» Your task
Entries follow. Return each line that contains the word "mathrm".

※

(* Let $X_{\Omega_1}$ and $X_{\Omega_2}$ be convex toric domains and assume there exists $r>0$ such that $X_{\Omega_1}\subset B^4(r)\subset X_{\Omega_2}$. Let $\{\Phi_t\}_{t\in[0,1]}\subset\mathrm{Sp}(4,\mathbb{R})$ be the loop \[\Phi_t(z_1,z_2)=\begin{cases}(e^{4\pi i t}z_1,z_2), & t\in[0,\tfrac12],\\ (z_1,e^{-4\pi i t}z_2), & t\in[\tfrac12,1].\end{cases}\] Then the loop $\{\varphi_t=\Phi_t|_{X_{\Omega_1}}\}_{t\in[0,1]}$ is contractible in $\mathrm{SympEmb}(X_{\Omega_1},X_{\Omega_2})$.
   Context: For $\Omega\subset\mathbb{R}^2_{\geq0}$, $X_\Omega=\{(z_1,z_2)\in\mathbb{C}^2 \mid \pi(|z_1|^2,|z_2|^2)\in\Omega\}$ with the restriction of $\omega_{\mathrm{std}}$. A convex toric domain is $X_\Omega$ with $\Omega=\{(x,y)\mid 0\le x\le a,\ 0\le y\le f(x)\}$ and $f:[0,a]\to\mathbb{R}_{\ge0}$ nonincreasing and concave. $B^4(r)=\{(z_1,z_2)\mid \pi|z_1|^2+\pi|z_2|^2\le r\}$. $\mathrm{SympEmb}(M,N)$ is the space of symplectic embeddings of $M$ into $N$. *)

From HB Require Import structures.
From mathcomp Require Import all_boot all_order all_algebra.
From mathcomp Require Import all_classical all_reals all_analysis.
Set Implicit Arguments. Unset Strict Implicit. Unset Printing Implicit Defensive.
Import Order.TTheory GRing.Theory Num.Theory.
Import numFieldNormedType.Exports.
Local Open Scope classical_set_scope.
Local Open Scope ring_scope.
Lemma is_lim_mul_xpowx_integral : is_lim (fun s => s * xpowx_integral s) p_infty 1.
Proof.
  apply is_lim_spec. intros eps. pose proof (cond_pos eps) as Heps.
  destruct (xpowx_integral_upper_eventually eps Heps) as [M HM].
  exists (Rmax M (Rabs (ln eps))). intros s Hs.
  pose proof (Rmax_l M (Rabs (ln eps))). pose proof (Rmax_r M (Rabs (ln eps))).
  pose proof (Rabs_pos (ln eps)). pose proof (Rabs_maj2 (ln eps)).
  assert (Hs0 : 0 < s) by lra.
  assert (Htail : exp (- s) < eps).
  { rewrite <- (exp_ln eps) by exact Heps. apply exp_increasing. lra. }
  pose proof (xpowx_integral_lower s Hs0). pose proof (HM s ltac:(lra)).
  apply Rabs_def1; lra.
Qed.

Theorem mainTheorem8 : is_lim sophf m_infty (-1).
Proof.
  apply (is_lim_ext (fun t => - (- t * xpowx_integral (- t)))).
  { intros t. rewrite sophf_eq. ring. }
  change (Finite (-1)) with (Rbar_opp 1). apply is_lim_opp.
  apply (is_lim_comp (fun s => s * xpowx_integral s) Ropp m_infty 1 p_infty).
  - exact is_lim_mul_xpowx_integral.
  - change p_infty with (Rbar_opp m_infty). apply is_lim_opp, is_lim_id.
  - exists 0. intros t _. discriminate.
Qed.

※

» Exercise output
(* Let $X_{\Omega_1}$ and $X_{\Omega_2}$ be convex toric domains and assume there exists $r>0$ such that $X_{\Omega_1}\subset B^4(r)\subset X_{\Omega_2}$. Let $\{\Phi_t\}_{t\in[0,1]}\subset\mathrm{Sp}(4,\mathbb{R})$ be the loop \[\Phi_t(z_1,z_2)=\begin{cases}(e^{4\pi i t}z_1,z_2), & t\in[0,\tfrac12],\\ (z_1,e^{-4\pi i t}z_2), & t\in[\tfrac12,1].\end{cases}\] Then the loop $\{\varphi_t=\Phi_t|_{X_{\Omega_1}}\}_{t\in[0,1]}$ is contractible in $\mathrm{SympEmb}(X_{\Omega_1},X_{\Omega_2})$.
   Context: For $\Omega\subset\mathbb{R}^2_{\geq0}$, $X_\Omega=\{(z_1,z_2)\in\mathbb{C}^2 \mid \pi(|z_1|^2,|z_2|^2)\in\Omega\}$ with the restriction of $\omega_{\mathrm{std}}$. A convex toric domain is $X_\Omega$ with $\Omega=\{(x,y)\mid 0\le x\le a,\ 0\le y\le f(x)\}$ and $f:[0,a]\to\mathbb{R}_{\ge0}$ nonincreasing and concave. $B^4(r)=\{(z_1,z_2)\mid \pi|z_1|^2+\pi|z_2|^2\le r\}$. $\mathrm{SympEmb}(M,N)$ is the space of symplectic embeddings of $M$ into $N$. *)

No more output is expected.